Г. Ю. Я считаю, что “Мастер и Маргарита” относится к той трагической категории текстов, которые перетекают в детско-подростковое чтение вне зависимости от изначального желания автора. Надо полагать, Булгаков бы очень удивился, узнай он, что его книга становится чтением для подростков. “Мастер и Маргарита” идеален для чтения в четырнадцать, пятнадцать, шестнадцать лет, и книга все больше и больше в эту нишу съезжает. Не могу сказать, что хорошо или плохо отношусь к роману. Что называется, я из него состою – он является частью моего культурного анамнеза, которую очень трудно от себя отделить. Это прекрасная, очень глубокая книга, которую надо прочитать и полюбить в юности, а что с ней делать дальше, уже другая история. Не сказала бы, что роман облегченный: он юношеский, рассчитанный на молодого читателя.
С. В. А есть ли, по-вашему, значительный московский пласт в “Докторе Живаго”?
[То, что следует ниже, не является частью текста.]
Lemma prod_odd_parts_monomial N :
  \prod_(i < N) \sum_(j < N.+1) odd_parts_monomial i j = gf_odd_parts N.
Proof.
have sum_monomial (i : 'I_N) : \sum_(j < N.+1) odd_parts_monomial i j =
    if odd i.+1 then geom_trunc N i.+1 else 1.
  rewrite /odd_parts_monomial dvdn2; case: (odd i.+1) => //=.
  by rewrite big_ord_recl /= muln0 expr0 big1 ?addr0.
rewrite (eq_bigr _ (fun i _ => sum_monomial i)) /gf_odd_parts big_add1 /= big_mkord.
by rewrite [RHS]big_mkcond.
Qed.

Lemma b2_gf_odd_parts N : (b 2 N)%:R = (gf_odd_parts N)`_N.
Proof.
rewrite -prod_odd_parts_monomial bigA_distr_bigA /= coef_sum.
pose no_even (m : {ffun 'I_N -> 'I_N.+1}) :=
  [forall i : 'I_N, (2 %| i.+1)%N ==> (nat_of_ord (m i) == 0%N)].
have coef_term (m : {ffun 'I_N -> 'I_N.+1}) :
    (\prod_(i < N) odd_parts_monomial i (m i))`_N =
    (no_even m && is_partition_mult m : nat)%:R.
  case no_even_m: (no_even m) => /=.
    rewrite (eq_bigr (fun i : 'I_N => 'X^(i.+1 * m i))); last first.
      move=> i _; rewrite /odd_parts_monomial; move/forallP: no_even_m => /(_ i).
      by case: (2 %| i.+1)%N => //= /eqP ->.
    by rewrite -expr_sum coefXn eq_sym.
  have /forallPn [i] := negbT no_even_m; rewrite negb_imply => /andP [even_i m_i].
  by rewrite (bigD1 i) //= /odd_parts_monomial even_i m_i mul0r coef0.
rewrite (eq_bigr _ (fun m _ => coef_term m)) -natr_sum /b; congr (_%:R).
rewrite cardE /enum_mem size_filter -sum1_count -big_filter big_filter big_mkcond /=.
by apply: eq_bigr => m _; rewrite inE andbC.
Qed.

End OddParts.

Section CharTwo.
Variable R : comNzRingType.
Hypothesis R_pchar2 : 2 \in [pchar R].
Implicit Types p q : {poly R}.

Definition gf_distinct (n : nat) : {poly R} := \prod_(1 <= m < n.+1) (1 + 'X^m).
Definition gf_distinct_odd (n : nat) : {poly R} :=
  \prod_(1 <= m < n.+1 | odd m) (1 + 'X^m).
Definition gf_distinct_even (n : nat) : {poly R} :=
  \prod_(1 <= m < n.+1 | ~~ odd m) (1 + 'X^m).

Lemma pchar2_poly : 2 \in [pchar {poly R}].
Proof. by rewrite pchar_poly. Qed.

Lemma sqrrD_pchar2 p q : (p + q) ^+ 2 = p ^+ 2 + q ^+ 2.
Proof. by apply: exprDn_pchar; rewrite pnatE ?pchar2_poly. Qed.

Lemma sqr_1DXn k : (1 + 'X^k) ^+ 2 = 1 + 'X^(k.*2) :> {poly R}.
Proof. by rewrite sqrrD_pchar2 expr1n -exprM muln2. Qed.

Lemma eqmodXn_sqr1 t p : eqmodXn t p 1 -> eqmodXn t.*2 (p ^+ 2) 1.
Proof.
by case=> r ->; exists (r ^+ 2); rewrite sqrrD_pchar2 expr1n exprMn -exprM muln2.
Qed.

Lemma gf_distinct_split n : gf_distinct n = gf_distinct_odd n * gf_distinct_even n.
Proof. by rewrite /gf_distinct (bigID odd). Qed.

Lemma gf_distinct_even_sqr n : gf_distinct_even n = gf_distinct n./2 ^+ 2.
Proof.
elim: n => [|n IHn]; first by rewrite /gf_distinct_even /gf_distinct !big_geq ?expr1n.
rewrite /gf_distinct_even big_mkcond big_nat_recr //= -big_mkcond -/(gf_distinct_even n).
rewrite IHn /= uphalf_half; case: (boolP (odd n)) => odd_n /=; last by rewrite mulr1.
rewrite add1n [in RHS]/gf_distinct big_nat_recr //= exprMn sqr_1DXn.
by have := odd_double_half n; rewrite odd_n => n_half; congr (_ * (1 + 'X^_)); lia.
Qed.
Г. Ю. Мне очень трудно говорить про “Доктора Живаго”. Вот вы сказали, что “Петербург” Андрея Белого вам не мил. А у меня точно такие же отношения с “Доктором Живаго”. Это роман, который раздражает настолько, буквально каждым свои абзацем, что я не могу его как-то оценивать и что-то о нем говорить, потому что он меня бесит. Ну да, наверное, там есть трагический, символический, сентиментальный московский слой. Но мне не кажется, что роман ради него написан. Знаете, пока мы с вами беседовали, я вспомнила один очень важный московский текст последнего времени. Это, конечно, “Июнь” Дмитрия Быкова. Вы не читали еще?
С. В. Да, я листал его. Расскажите подробнее, что вы об этом думаете.
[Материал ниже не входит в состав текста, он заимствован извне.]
Lemma branch_subset m k i : k \notin branch m i -> branch m i \subset branch k i.
Proof.
move=> kmi; apply/subsetP => z; rewrite !inE => /connectP[p pth ->].
apply/connectP; exists p => //.
apply: (sub_in_path (P := [in branch m i])) (pth); last first.
  by apply/allP => y yp; rewrite inE; exact: (path_connect pth).
move=> a b; rewrite !inE => am bm /and3P[eab _ _]; rewrite /del_vertex eab /=.
by apply/andP; split; apply: contraNneq kmi => <-; rewrite inE.
Qed.

Lemma branch_nbr x v : connect e x v -> x != v ->
  exists2 m, e m v & m \in branch v x.
Proof.
case/connectP => p; elim: p x => [|y p IH] x /=; first by move=> _ ->; rewrite eqxx.
case/andP=> exy pth lst xv; have [yv|yv] := eqVneq y v.
  by exists x; [rewrite -yv | exact: mem_branch].
have [m emv] := IH y pth lst yv; rewrite !inE => ym; exists m => //.
by rewrite inE; apply: connect_trans ym; apply: connect1; rewrite /del_vertex exy xv yv.
Qed.

Lemma leaf_nbr_eq a b y : is_leaf e a -> e a b -> e a y -> y = b.
Proof.
move=> /eqP/cards1P[c Ec] eab eay.
have mem_c x : e a x -> x = c by move=> eax; apply/set1P; rewrite -Ec inE.
by rewrite (mem_c y eay) (mem_c b eab).
Qed.

Lemma leaf_branch k b : is_leaf e k -> e k b -> branch b k = [set k].
Proof.
move=> lk ekb; apply/setP => z; rewrite !inE; apply/idP/eqP => [|->]; last exact: connect0.
case/connectP => [[|y p] /=]; first by move=> _ ->.
by case/andP=> /and3P[eky _]; rewrite (leaf_nbr_eq lk ekb eky) eqxx.
Qed.

Hypotheses (e_sym : symmetric e) (e_irr : irreflexive e) (e_acyclic : is_acyclic e).

Lemma edge_neq a b : e a b -> a != b.
Proof. by apply: contraTneq => ->; rewrite e_irr. Qed.

Lemma del_vertex_sym v : symmetric (del_vertex v).
Proof. by move=> a b; rewrite /del_vertex e_sym [(a != v) && _]andbC. Qed.

Lemma branch_sym v x y : (y \in branch v x) = (x \in branch v y).
Proof. by rewrite !inE (sym_connect_sym (del_vertex_sym v)). Qed.

Lemma del_edge_sym u v : symmetric (del_edge u v).
Proof. by move=> a b; rewrite /del_edge e_sym; congr (_ && ~~ _); apply: andbC. Qed.

Lemma acyclic_del_edge u v : e u v -> ~~ connect (del_edge u v) v u.
Proof.
move=> euv; apply/negP => /connectP [p pth lst].
case/shortenP: pth lst => p' pth' uq _ lst.
apply: e_acyclic; exists (v :: p').
have pe : path e v p' by apply: sub_path pth' => a b /andP[].
move: pth' uq lst pe; case: p' => [|w [|w' q]] /=.
- by move=> _ _ uv; move: euv; rewrite uv e_irr.
- by move=> /andP[/andP[_ h] _] _ uw _; move: h; rewrite -uw !eqxx !orbT.
- move=> _ -> lst /andP[evw /andP[eww' pq]].
  by rewrite evw eww' /= rcons_path pq /= -lst euv.
Qed.

Lemma nbr_separates v m x y : e v m -> m \in branch v x -> y \in branch v x ->
  y != m -> y \notin branch m v.
Proof.
move=> evm mvx yvx ym; apply/negP; rewrite inE => cvy.
have cym : connect (del_vertex v) y m.
  by move: yvx mvx; rewrite branch_sym !inE; apply: connect_trans.
have : connect (del_edge v m) v m.
  apply: (connect_trans (y := y)).
    apply: connect_sub cvy => a b /and3P[eab am bm]; apply: connect1.
    rewrite /del_edge eab /= (negbTE am) (negbTE bm) !orbF; apply/negP => /andP[/eqP ea /eqP eb].
    by move: eab; rewrite ea eb e_irr.
  apply: connect_sub cym => a b /and3P[eab av bv]; apply: connect1.
  rewrite /del_edge eab /= (negbTE av) (negbTE bv) /=; apply/negP => /andP[/eqP ea /eqP eb].
  by move: eab; rewrite ea eb e_irr.
by rewrite (sym_connect_sym (del_edge_sym v m)); apply/negP; apply: acyclic_del_edge.
Qed.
Г. Ю. Я поняла, что это тоже не специфически московская литература, но тем не менее московская локальность там очень важна. Роман состоит из трех параллельных линий, и все они завершаются июнем 1941 года. То есть это три истории о способах приближения войны. И вот особенно в первой части, где главный герой, молодой поэт Миша, ифлиец, по-настоящему прекрасно описана Москва конца 1930-х годов. Немного прянично-счастливая советская жизнь, под корочкой которой бурлит весь ужас сталинской эпохи. С одной стороны, милые комсомолки, которые катаются на коньках на Чистых прудах, и поэтические юноши, которые учатся в ИФЛИ, и с другой – жуткий раскручивающийся маховик репрессий. Мне кажется, Быкову замечательно удалось это передать. Причем первая часть романа, московская, как-то перекликается со старыми семейными фотографиями, с рассказами людей, которые помнят ту эпоху. Рассказы моей бабушки, которая выросла в Москве и как раз ровно в этой среде, очень похожи на то, о чем пишет Быков. И, скажем, “Подстрочник” Лилианны Лунгиной, та его часть, которая рассказывает о жизни в Москве, тоже похожа на то, о чем пишет Быков. На редкость точно пойманное засахаренное время и место. Но вот что очевидно: если говорить о Петербурге, то Петербург всегда является важным действующим лицом петербургского текста. А Москва даже у Быкова немножко фон, немножко такой задник. Нельзя сказать, что Москва важный персонаж этого романа.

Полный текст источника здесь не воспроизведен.